But it’s a dry heat they say. Yeah, right 115 degrees without a cloud the sky is hot. I don’t care how dry it is – it’s hot!
After ten minutes of my camera sitting on the tripod, the black plastic was too hot to touch! If you picked up a rock, your skin would be burned.
Driving around the barren landscape of Nevada, about an hour outside of Las Vegas, it would take a lot to get me out of my air conditioned car in this heat.
But how could I resist the beautiful patina of an old period cars baking for decades in the relentless desert sunlight? I pulled out my tripod and hiked over to the relic for a multiple shot high dynamic range photograph of this fine old car.
Recently sold as a 30″ x 20″ print of “Vintage Car In The Desert HDR” to a collector from Piedmont, OK, this photograph is a look back in time as well as evidence of the ravages of weather on painted metal as an automobile that outlived its usefulness lays abandoned where it gave its last gasp.
What the story behind this old car abandoned in the desert? Getaway car from a casino robbery gone wrong? Seems too high end to be a car that would have carried migrant workers in days of the Grapes of Wrath.
Maybe the staff car for a gold or silver mine owner? The area is well known for mining way back to the days of Spanish explores looking for pools of gold.

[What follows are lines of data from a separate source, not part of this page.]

(* Let $M$ be a unit speed curve $\gamma: I\to\mathbb{R}^3$ with arc-length parameter $s$, curvature $\kappa(s)\neq 0$ and torsion $\tau(s)$, and put $\varphi(s) = \int_0^s \tau(t)\,dt + \varphi_0$ for a constant $\varphi_0$. Let $K$ be a curve $\beta$, parametrized by the same arc-length parameter $s$, with $\beta''(s) = \overline{\kappa}(s)\gamma'(s)$, whose curvature and torsion are $\overline{\kappa}(s) = \kappa(s)\cos\varphi(s)$ and $\overline{\tau}(s) = \kappa(s)\sin\varphi(s)$. Then: (i) $K$ is a Mannheim curve if and only if $\kappa(s) = R\cos\left(\int_0^s\tau(t)\,dt+\varphi_0\right)$ for some constant $R$; (ii) $K$ is a $B$-Mannheim curve if and only if $\kappa(s) = R\sin\left(\int_0^s\tau(t)\,dt+\varphi_0\right)$ for some constant $R$.
   Context: A curve with curvature $\overline{\kappa}$ and torsion $\overline{\tau}$ is a Mannheim curve if $\overline{\kappa}^2+\overline{\tau}^2 = c\,\overline{\kappa}$ for some nonzero real constant $c$ (equivalently $\overline{\kappa} = \lambda(\overline{\kappa}^2+\overline{\tau}^2)$ with $\lambda = 1/c$ constant), and a $B$-Mannheim curve if $\overline{\kappa}^2+\overline{\tau}^2 = c\,\overline{\tau}$ for some nonzero real constant $c$. *)

From Stdlib Require Import Reals.
From Coquelicot Require Import Coquelicot.
Open Scope R_scope.

Definition vec3 : Type := (R * R * R)%type.
Definition vx (v : vec3) : R := fst (fst v).
Definition vy (v : vec3) : R := snd (fst v).
Definition vz (v : vec3) : R := snd v.

Definition vscale (a : R) (v : vec3) : vec3 := (a * vx v, a * vy v, a * vz v).
Definition dot (u v : vec3) : R := vx u * vx v + vy u * vy v + vz u * vz v.
Definition cross (u v : vec3) : vec3 :=
  (vy u * vz v - vz u * vy v, vz u * vx v - vx u * vz v, vx u * vy v - vy u * vx v).
Definition vnorm (v : vec3) : R := sqrt (dot v v).

Definition dcurve (g : R -> vec3) : R -> vec3 :=
  fun t => (Derive (fun s => vx (g s)) t, Derive (fun s => vy (g s)) t,
            Derive (fun s => vz (g s)) t).

Definition ex_dcurve (g : R -> vec3) (t : R) : Prop :=
  ex_derive (fun s => vx (g s)) t /\ ex_derive (fun s => vy (g s)) t /\
  ex_derive (fun s => vz (g s)) t.

Definition inI (a b s : R) : Prop := a < s < b.

Definition C3_on (a b : R) (g : R -> vec3) : Prop :=
  forall s, inI a b s ->
    ex_dcurve g s /\ ex_dcurve (dcurve g) s /\ ex_dcurve (dcurve (dcurve g)) s.

Definition unit_speed (a b : R) (g : R -> vec3) : Prop :=
  forall s, inI a b s -> vnorm (dcurve g s) = 1.

(* curvature and torsion of a unit speed curve (standard formulas) *)
Definition curvature (g : R -> vec3) (t : R) : R := vnorm (dcurve (dcurve g) t).
Definition torsion (g : R -> vec3) (t : R) : R :=
  dot (cross (dcurve g t) (dcurve (dcurve g) t)) (dcurve (dcurve (dcurve g)) t)
  / (curvature g t) ^ 2.

(* Frenet data of a unit speed curve beta w.r.t. a prescribed unit principal
   normal field N:  beta'' = kb N  (kb = signed curvature), binormal
   B = beta' x N, and torsion tb = - <B', N>. *)
Definition frenet_curv_tors (a b : R) (beta N : R -> vec3) (kb tb : R -> R) : Prop :=
  forall s, inI a b s ->
    ex_dcurve (fun t => cross (dcurve beta t) (N t)) s /\
    vnorm (N s) = 1 /\
    dcurve (dcurve beta) s = vscale (kb s) (N s) /\
    tb s = - dot (dcurve (fun t => cross (dcurve beta t) (N t)) s) (N s).

Definition Mannheim (a b : R) (kb tb : R -> R) : Prop :=
  exists c : R, c <> 0 /\ forall s, inI a b s -> kb s ^ 2 + tb s ^ 2 = c * kb s.
Definition B_Mannheim (a b : R) (kb tb : R -> R) : Prop :=
  exists c : R, c <> 0 /\ forall s, inI a b s -> kb s ^ 2 + tb s ^ 2 = c * tb s.

From Stdlib Require Import Reals Psatz.
From Coquelicot Require Import Coquelicot.
Open Scope R_scope.

(* The pair (kbar, tbar) is (kappa, phi) in polar coordinates, so
   kbar^2 + tbar^2 = kappa^2.  The Mannheim condition kappa^2 = c kappa cos phi
   therefore becomes kappa = c cos phi after cancelling kappa <> 0, and
   conversely kappa = R cos phi forces R <> 0 because kappa does not vanish.
   The B-Mannheim case is the same with sin in place of cos. *)

Lemma polar_sq_norm (k t : R) : (k * cos t) ^ 2 + (k * sin t) ^ 2 = k ^ 2.
Proof.
  pose proof (sin2_cos2 t) as Hpyth. unfold Rsqr in Hpyth. nra.
Qed.

Section NonvanishingProportional.

Variables (P : R -> Prop) (k u : R -> R).
Hypothesis P_inhabited : exists s0, P s0.
Hypothesis k_neq0 : forall s, P s -> k s <> 0.

Lemma sq_eq_const_mul_iff :
  (exists c, c <> 0 /\ forall s, P s -> k s ^ 2 = c * (k s * u s)) <->
  (exists R0, forall s, P s -> k s = R0 * u s).
Proof.
  split.
  - intros [c [_ Hc]]. exists c. intros s Hs.
    apply (Rmult_eq_reg_l (k s)); [| exact (k_neq0 s Hs)].
    specialize (Hc s Hs). nra.
  - intros [R0 HR0]. exists R0. split.
    + intros ->. destruct P_inhabited as [s0 Hs0].
      apply (k_neq0 s0 Hs0). rewrite (HR0 s0 Hs0). ring.
    + intros s Hs. rewrite (HR0 s Hs). ring.
Qed.

End NonvanishingProportional.

Section PolarCurvatureTorsion.

Variables (a b : R) (k t : R -> R).
Hypothesis I_inhabited : exists s0, inI a b s0.
Hypothesis k_neq0 : forall s, inI a b s -> k s <> 0.

Lemma Mannheim_polar_iff :
  Mannheim a b (fun s => k s * cos (t s)) (fun s => k s * sin (t s)) <->
  (exists R0, forall s, inI a b s -> k s = R0 * cos (t s)).
Proof.
  rewrite <- (sq_eq_const_mul_iff _ k (fun s => cos (t s)) I_inhabited k_neq0).
  unfold Mannheim. setoid_rewrite polar_sq_norm. reflexivity.
Qed.

Lemma B_Mannheim_polar_iff :
  B_Mannheim a b (fun s => k s * cos (t s)) (fun s => k s * sin (t s)) <->
  (exists R0, forall s, inI a b s -> k s = R0 * sin (t s)).
Proof.
  rewrite <- (sq_eq_const_mul_iff _ k (fun s => sin (t s)) I_inhabited k_neq0).
  unfold B_Mannheim. setoid_rewrite polar_sq_norm. reflexivity.
Qed.

End PolarCurvatureTorsion.

Theorem mainTheorem5 (a b : R) (gamma beta : R -> vec3) (phi0 : R) :
  a < 0 < b ->
  C3_on a b gamma -> unit_speed a b gamma ->
  (forall s, inI a b s -> curvature gamma s <> 0) ->
  C3_on a b beta -> unit_speed a b beta ->
  let kappa := curvature gamma in
  let tau := torsion gamma in
  let phi := fun s => RInt tau 0 s + phi0 in
  let kbar := fun s => kappa s * cos (phi s) in
  let tbar := fun s => kappa s * sin (phi s) in
  frenet_curv_tors a b beta (dcurve gamma) kbar tbar ->
  (Mannheim a b kbar tbar <->
     exists R0 : R, forall s, inI a b s -> kappa s = R0 * cos (RInt tau 0 s + phi0)) /\
  (B_Mannheim a b kbar tbar <->
     exists R0 : R, forall s, inI a b s -> kappa s = R0 * sin (RInt tau 0 s + phi0)).
Proof.
  intros H0ab _ _ Hkappa _ _ kappa tau phi kbar tbar _.
  assert (HI : exists s0, inI a b s0) by (exists 0; exact H0ab).
  split.
  - exact (Mannheim_polar_iff a b kappa phi HI Hkappa).
  - exact (B_Mannheim_polar_iff a b kappa phi HI Hkappa).
Qed.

I found a few more abandoned cars in the area. This classic old Metro delivery van was shot using the Canon EOS 24mm Tilt-Shift lens.
The tilt-shift lens allowed me to take three overlapping images, panning from top to bottom. The images were later combined in Adobe Lightroom for a resulting highly detailed photograph.
I’m a big fan of the Metro Van. In my fantasy world, I’d be driving around from photo shoot to photo shoot with one of these awesome vintage vans. Today many of them are turned into food trucks. The original design was by Raymond Loewy of Studebaker and Coke bottle fame. Metro bodies were built by the Metropolitan Body Company on Grand Street in Bridgeport, Connecticut, and the overall design of the Metro vans remained somewhat unchanged from 1938 until 1964.
Here is another HDR photograph I took in the desert on this trip. Outside of this old vintage cars slowly aging over decades in the desert the cloudless sky was eye blinding bright. Inside the car were deep shadows.
The only way to capture the full dynamic range of the scene was to put the camera on a tripod, compose the scene and then take a series of photographs exposed for different light levels. For example one exposure for the shadows, one for the mid-range values and one for highlights.
Later in post-
I wish I had brought a raw egg with me on this photo shoot just to demonstrate how hot it was in the desert. No doubt I could have cracked an egg on the hood of one of these cars and made myself an omelet.
All during my trips to the American Southwest, I never fail to stop and photograph old, well preserved, relics of vintage cars that seem to die and simply be moved off the road where they took their last sip of gasoline. From scrap yards in Utah to the middle of nowhere, I just can’t resist these old cars.